Dublin City University has launched the 2021 STInt (STEM Teacher Internship) Programme which will provide pre-service STEM (Science, Technology, Engineering and Maths) teachers with the opportunity to gain skills and experiences within the STEM Industry.
The programme, which is now in its sixth year was developed together with Accenture and the 30% Club in 2016 with the overall aim of providing future STEM teachers with a personal experience of STEM roles and careers in the industry. This, in turn, will empower them to inspire future generations of their own students, particularly female students, to engage in STEM subjects and careers.
The programme is led by two DCU STEM Education academics, Associate Professor Eilish McLoughlin, Director of CASTeL and an international leader in physics teacher professional learning and Professor Deirdre Butler who specialises in Digital Learning.
To date, the programme has provided 70 DCU STEM teachers with a 12-week experience across 24 of Ireland’s leading companies. This flagship programme is supported by an education-industry collaboration that is strongly committed to supporting innovative and creative approaches to STEM education in Ireland.

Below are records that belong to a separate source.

Lemma circuit_approx C d : wf_circuit N C -> cdepth N C <= d -> 0 < N ->
  exists (P : n.-tuple bool -> 'Z_3) (B : {set n.-tuple bool}),
  [/\ #|B| * 2 ^ l <= size C * 2 ^ n, deg_le ((2 * l) ^ d) P
    & agrees_off B P (fun z => circuit_eval C (rho z))].
Proof.
move=> wfC depthC N_gt0; have [P [B [cardB wires]]] := wires_approx wfC.
have last_lt : (N + size C).-1 < N + size C by rewrite prednK // ltn_addr.
have [dP P_ok] := wires _ last_lt.
exists (P (N + size C).-1), B; split=> // [|z zB].
  apply: deg_leW dP; apply: leq_pexp2l; first by rewrite muln_gt0 l_gt0.
  apply: (leq_trans _ depthC); apply: leq_bigmax_seq => //.
  by apply: mem_nth; rewrite size_wire_depths.
by rewrite P_ok // /circuit_eval -nth_last size_wire_values size_rho.
Qed.

End CircuitApproximation.

Lemma bin_double_succ m : m.+1 * 'C(m.+1.*2, m.+1) = 2 * m.*2.+1 * 'C(m.*2, m).
Proof.
have sym : 'C(m.*2.+1, m.+1) = 'C(m.*2.+1, m).
  have le_m : m <= m.*2.+1 by rewrite -addnn ltnW // ltnS leq_addr.
  by rewrite -(bin_sub le_m) -addnn -addSn addnK.
by rewrite doubleS binS sym addnn -mul2n mulnCA -sym -mul_bin_diag mulnA.
Qed.


Lemma central_bin_sqr_le m : 'C(m.*2, m) ^ 2 * (3 * m + 1) <= 16 ^ m.
Proof.
elim: m => [|m IH]; first by rewrite bin0.
set a := 'C(m.*2, m) in IH *; set b := 'C(m.+1.*2, m.+1).
have step : m.+1 ^ 2 * (b ^ 2 * (3 * m.+1 + 1)) = 4 * m.*2.+1 ^ 2 * (3 * m.+1 + 1) * a ^ 2.
  by rewrite mulnA -expnMn bin_double_succ !expnMn; ring.
have ratio : 4 * m.*2.+1 ^ 2 * (3 * m.+1 + 1) <= 16 * m.+1 ^ 2 * (3 * m + 1).
  have -> : 16 * m.+1 ^ 2 * (3 * m + 1) = 4 * m.*2.+1 ^ 2 * (3 * m.+1 + 1) + 4 * m.
    by rewrite -addnn; ring.
  exact: leq_addr.
rewrite -(@leq_pmul2l (m.+1 ^ 2)) ?expn_gt0 // step.
apply: leq_trans (leq_mul ratio (leqnn (a ^ 2))) _.
rewrite [16 ^ _]expnS (_ : _ * a ^ 2 = m.+1 ^ 2 * (16 * (a ^ 2 * (3 * m + 1)))); last by ring.
by rewrite !leq_mul2l IH !orbT.
Qed.

Lemma card_sets_leq (T : finType) k :
  #|[set S : {set T} | #|S| <= k]| = #|[set S : {set T} | #|S| < k]| + 'C(#|T|, k).
Proof.
have -> : [set S : {set T} | #|S| <= k] =
          [set S : {set T} | #|S| < k] :|: [set S : {set T} | #|S| == k].
  by apply/setP => S; rewrite !inE leq_eqVlt orbC.
rewrite cardsU card_draws (_ : _ :&: _ = set0) ?cards0 ?subn0 //.
by apply/setP => S; rewrite !inE; case: ltngtP.
Qed.

Section HalfSizedSets.
Variable m : nat.
Local Notation T := 'I_(m.*2).
Lemma right_deriv0_min f g f0 g0 a b :
  right_deriv0 f f0 a -> right_deriv0 g g0 b ->
  exists c, right_deriv0 (fun t => Rmin (f t) (g t)) (Rmin f0 g0) c.
Proof.
  intros Hf Hg. destruct (Rtotal_order f0 g0) as [Hlt|[<-|Hgt]].
  - exists a. rewrite Rmin_left by lra. exact (right_deriv0_min_lt _ _ _ _ _ _ Hf Hg Hlt).
  - exists (Rmin a b). intros eps Heps.
    generalize (near0_and _ _ (Hf eps Heps) (Hg eps Heps)); apply near0_mono.
    intros t Ht [H1 H2]. rewrite (Rmin_left f0 f0) by lra.
    replace (Rmin (f t) (g t) - f0 - Rmin a b * t)
      with (Rmin (f t) (g t) - Rmin (f0 + a * t) (f0 + b * t))
      by (rewrite Rmin_affine by lra; ring).
    eapply Rle_trans; [apply Rabs_Rmin_sub|].
    apply Rmax_lub; [replace (f t - (f0 + a * t)) with (f t - f0 - a * t) by ring
                    |replace (g t - (f0 + b * t)) with (g t - f0 - b * t) by ring]; assumption.
  - exists b. rewrite Rmin_right by lra.
    apply right_deriv0_ext with (fun t => Rmin (g t) (f t)).
    + exists 1; split; [lra|intros; apply Rmin_comm].
    + exact (right_deriv0_min_lt _ _ _ _ _ _ Hg Hf Hgt).
Qed.

Lemma right_deriv0_lmin (F : R -> nat -> R) (F0 : nat -> R) l :
  (forall x, In x l -> exists a, right_deriv0 (fun t => F t x) (F0 x) a) ->
  exists c, right_deriv0 (fun t => lmin (F t) l) (lmin F0 l) c.
Proof.
  induction l as [|x l IH]; intros HF; simpl.
  - exists 0; apply right_deriv0_const.
  - destruct l as [|y l]; [apply HF; left; reflexivity|].
    destruct (HF x (or_introl eq_refl)) as [a Ha].
    destruct IH as [b Hb]; [intros; apply HF; right; assumption|].
    exact (right_deriv0_min _ _ _ _ _ _ Ha Hb).
Qed.

Lemma right_deriv0_tangent f g f0 a :
  right_deriv0 g f0 a -> tangent0 f g -> right_deriv0 f f0 a.
Proof.
  intros Hg Hfg eps Heps.
  generalize (near0_and _ _ (Hg (eps / 2) ltac:(lra)) (Hfg (eps / 2) ltac:(lra))).
  apply near0_mono; intros t Ht [H1 H2].
  replace (f t - f0 - a * t) with ((f t - g t) + (g t - f0 - a * t)) by ring.
  eapply Rle_trans; [apply Rabs_triang|lra].
Qed.

Lemma right_deriv0_nonpos f f0 a :
  right_deriv0 f f0 a -> near0 (fun t => f t <= f0) -> a <= 0.
Proof.
  intros Hf Hmax. destruct (Rle_lt_dec a 0) as [|Ha]; [assumption|exfalso].
  destruct (near0_witness _ (near0_and _ _ (Hf (a / 2) ltac:(lra)) Hmax))
    as [t [Ht [H1 H2]]].
  revert H1; split_Rabs; nra.
Qed.

Lemma right_deriv0_quotient f f0 a : right_deriv0 f f0 a ->
  forall eps, 0 < eps -> near0 (fun t => Rabs ((f t - f0) / t - a) < eps).
Proof.
  intros Hf eps Heps. generalize (Hf (eps / 2) ltac:(lra)); apply near0_mono.
  intros t Ht H.
  replace ((f t - f0) / t - a) with ((f t - f0 - a * t) / t) by (field; lra).
  unfold Rdiv; rewrite Rabs_mult, (Rabs_right (/ t)) by (left; apply Rinv_0_lt_compat; lra).
  apply (Rmult_le_compat_r (/ t)) in H; [|left; apply Rinv_0_lt_compat; lra].
  replace (eps / 2 * t * / t) with (eps / 2) in H by (field; lra). lra.
Qed.

Lemma tangent0_of_right_deriv0 f g f0 a :
  right_deriv0 f f0 a -> right_deriv0 g f0 a -> tangent0 f g.
Proof.
  intros Hf Hg eps Heps.
  generalize (near0_and _ _ (Hf (eps / 2) ltac:(lra)) (Hg (eps / 2) ltac:(lra))).
  apply near0_mono; intros t Ht [H1 H2].
  replace (f t - g t) with ((f t - f0 - a * t) - (g t - f0 - a * t)) by ring.
  eapply Rle_trans; [apply Rabs_triang|]. rewrite Rabs_Ropp. lra.
Qed.

Lemma tangent0_of_diff X Y f g :
  tangent0 X Y -> near0 (fun t => f t - g t = X t - Y t) -> tangent0 f g.
Proof.
  intros HXY Hfg eps Heps.
  generalize (near0_and _ _ Hfg (HXY eps Heps)); apply near0_mono.
  intros t _ [-> H]; exact H.
Qed.
Lemma developable_coorde_eq0 (e X Y : R -> V3) (P : R -> Prop) s0 d :
  smoothV e -> smoothV X -> smoothV Y -> 0 < d -> one_sided_nbhd P s0 d ->
  (forall s, P s -> Y s = vcomb (coordX (e s) (X s) (Y s)) (X s) (coorde (e s) (X s) (Y s)) (e s)) ->
  dot (cross (e s0) (X s0)) (cross (e s0) (X s0)) <> 0 ->
  det3 (e s0) (X s0) (DV X s0) = 0 -> det3 (e s0) (Y s0) (DV Y s0) = 0 ->
  det3 (e s0) (X s0) (DV e s0) <> 0 -> coordX (e s0) (X s0) (Y s0) <> 0 ->
  coorde (e s0) (X s0) (Y s0) = 0.
Proof.
  intros He HX HY Hd HO Hdec Hden DX DY De Hlam.
  pose proof (is_deriveV_DV e s0 He) as E'. pose proof (is_deriveV_DV X s0 HX) as X'.
  pose proof (is_deriveV_DV Y s0 HY) as Y'.
  set (lam := fun t => coordX (e t) (X t) (Y t)).
  set (mu := fun t => coorde (e t) (X t) (Y t)).
  assert (Hlam' : exists l', is_derive lam s0 l').
  { eexists. unfold lam, coordX. apply is_derive_div; [| |exact Hden];
      apply is_derive_dot; apply is_deriveV_cross; eassumption. }
  destruct Hlam' as [l' Hlam'].
  assert (Hmu' : exists m', is_derive mu s0 m').
  { eexists. unfold mu, coorde. apply is_derive_Rminus; [apply is_derive_dot; eassumption|].
    apply is_derive_Rmult; [exact Hlam'|apply is_derive_dot; eassumption]. }
  destruct Hmu' as [m' Hmu'].
  assert (HY' : DV Y s0 = vadd (vcomb l' (X s0) (lam s0) (DV X s0)) (vcomb m' (e s0) (mu s0) (DV e s0))).
  { apply (DV_eq_one_sided Y (fun t => vcomb (lam t) (X t) (mu t) (e t)) s0 d); auto.
    - unfold vcomb. apply is_deriveV_vadd; apply is_deriveV_vscale; assumption.
    - exact (one_sided_nbhd_impl _ _ _ _ Hdec HO). }
  rewrite HY', (Hdec s0 (one_sided_nbhd_center _ _ _ Hd HO)) in DY.
  fold (lam s0) (mu s0) in DY |- *. fold (lam s0) in Hlam.
  rewrite det3_plane_derivative, DX, Rmult_0_r, Rplus_0_l in DY.
  apply Rmult_integral in DY as [DY|DY]; [|contradiction].
  apply Rmult_integral in DY as [DY|DY]; [contradiction|exact DY].
Qed.

(** * Two rulings along a common base curve *)

Lemma continuous_sign_constant (W : R -> R) (J : R -> Prop) :
  (forall t, continuity_pt W t) -> (forall x y z, J x -> J z -> x <= y <= z -> J y) ->
  (forall s, J s -> W s <> 0) ->
  (forall s, J s -> 0 < W s) \/ (forall s, J s -> W s < 0).
Proof.
  intros Hc Hconv Hnz.
  destruct (classic (exists s, J s /\ W s < 0)) as [[s1 [J1 W1]]|Hn]; [right|left].
  - intros s2 J2. destruct (Rtotal_order (W s2) 0) as [|[E|P]]; [assumption|now apply Hnz in E|].
    exfalso. destruct (IVT_gen W s1 s2 0 Hc) as [x [Hx Ex]].
    { pose proof (Rmin_l (W s1) (W s2)); pose proof (Rmax_r (W s1) (W s2)). lra. }
    apply (Hnz x); [|exact Ex]. unfold Rmin, Rmax in Hx. destruct (Rle_dec s1 s2).
    + exact (Hconv s1 x s2 J1 J2 Hx).
    + apply (Hconv s2 x s1 J2 J1). lra.
  - intros s Js. destruct (Rtotal_order (W s) 0) as [N|[E|P]]; [|now apply Hnz in E|assumption].
    exfalso. apply Hn. exists s; auto.
Qed.

Lemma sin_neq0 a : 0 < Rabs a < PI / 2 -> sin a <> 0.
Proof.
  intros H. unfold Rabs in H. destruct (Rcase_abs a).
  - rewrite <- (Ropp_involutive a), sin_neg. apply Ropp_neq_0_compat, Rgt_not_eq, sin_gt_0; lra.
  - apply Rgt_not_eq, sin_gt_0; lra.
Qed.

Lemma angle_sign_cases a b : 0 < Rabs a < PI / 2 -> Rabs a = Rabs b ->
  (0 < sin a * sin b -> b = a) /\ (sin a * sin b < 0 -> b = - a).
Proof.
  intros Ha Hab. pose proof (pow2_gt_0 _ (sin_neq0 _ Ha)).
  assert (Hb : b = a \/ b = - a) by (unfold Rabs in Hab; destruct (Rcase_abs a), (Rcase_abs b); lra).
  destruct Hb as [-> | ->]; rewrite ?sin_neg; split; intros; solve [reflexivity | nra].
Qed.

Lemma unit_circle_eq cF sF cG sG : cF ^ 2 + sF ^ 2 = 1 -> cG ^ 2 + sG ^ 2 = 1 ->
  0 < sF -> 0 < sG -> cG - sG / sF * cF = 0 -> cG = cF /\ sG = sF.
Proof.
  intros HF HG PF PG E. set (t := sG / sF) in E.
  assert (Es : sG = t * sF) by (unfold t; field; lra).
  assert (Ec : cG = t * cF) by lra.
  assert (Ht : 0 < t) by (unfold t; apply Rdiv_lt_0_compat; assumption).
  rewrite Es, Ec in HG. assert (t = 1) by nra. subst t. rewrite Es, Ec, H. split; ring.
Qed.

Lemma Rabs_eq_of_cos_eq a b : Rabs a < PI / 2 -> Rabs b < PI / 2 -> cos a = cos b -> Rabs a = Rabs b.
Proof.
  assert (Habs : forall x, cos x = cos (Rabs x))
    by (intros x; unfold Rabs; destruct (Rcase_abs x); [rewrite cos_neg|]; reflexivity).
  intros Ha Hb E. rewrite (Habs a), (Habs b) in E. pose proof PI_RGT_0.
  apply cos_inj; try split; try apply Rabs_pos; lra.
Qed.

Section TwoRulings.
Variables (closed : bool) (l : R) (c xF xG : R -> V3) (aF aG bF bG : R -> R).
Hypothesis Hl : 0 < l.
Hypothesis Hc : smoothV c.
Hypothesis HxF : smoothV xF.
Hypothesis HxG : smoothV xG.
Hypothesis HxF1 : forall s, vnorm (xF s) = 1.
Hypothesis Hunit : forall s, Jdom closed l s -> vnorm (DV c s) = 1.
Hypothesis HdevF : forall s, Jdom closed l s -> det3 (DV c s) (xF s) (DV xF s) = 0.
Hypothesis HdevG : forall s, Jdom closed l s -> det3 (DV c s) (xG s) (DV xG s) = 0.
Hypothesis HangF : forall s, Jdom closed l s ->
  0 < Rabs (aF s) < PI / 2 /\ 0 < bF s < PI /\ xF s = ruling_dir (DV c s) (DV (DV c) s) (aF s) (bF s).
Hypothesis HangG : forall s, Jdom closed l s ->
  0 < Rabs (aG s) < PI / 2 /\ 0 < bG s < PI /\ xG s = ruling_dir (DV c s) (DV (DV c) s) (aG s) (bG s).

Lemma rulings_frame s : Jdom closed l s ->
  dot (DV c s) (DV c s) = 1 /\ dot (DV c s) (DV (DV c) s) = 0 /\ vnorm (DV (DV c) s) <> 0.
Proof.
  intros Hs. assert (He : dot (DV c s) (DV c s) = 1) by exact (dot_unit _ (Hunit s Hs)).
  split; [exact He|]. split; [exact (unit_speed_orthogonal closed l c s Hl Hc Hunit Hs)|].
  destruct (HangF s Hs) as (_ & Hb & Hx).
  apply (ruling_dir_curvature_neq0 _ _ (aF s) (bF s) He); [rewrite <- Hx; apply HxF1 | exact Hb].
Qed.

Lemma rulings_abs_angle_eq :
  (forall s, Jdom closed l s -> vnorm (DV (DV c) s) * cos (aF s) = vnorm (DV (DV c) s) * cos (aG s)) ->
  forall s, Jdom closed l s -> Rabs (aF s) = Rabs (aG s).
Proof.
  intros Hmu s Hs. destruct (rulings_frame s Hs) as (_ & _ & Hk).
  apply Rabs_eq_of_cos_eq; [apply HangF | apply HangG | ]; auto.
  exact (Rmult_eq_reg_l _ _ _ (Hmu s Hs) Hk).
Qed.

The STInt programme has received strategic partnership funding from Science Foundation Ireland Discover to expand and enable pre-service STEM teachers from other universities to engage in internships in a wide range of industries across Ireland. Although the 2020 programme was impacted by Covid-19 restrictions, 16 paid-internships proceeded on a remote working basis in eight participating companies Accenture, Alexion, Ericsson, Intel, Microsoft, SSE Airtricity, Takeda and Xilinx.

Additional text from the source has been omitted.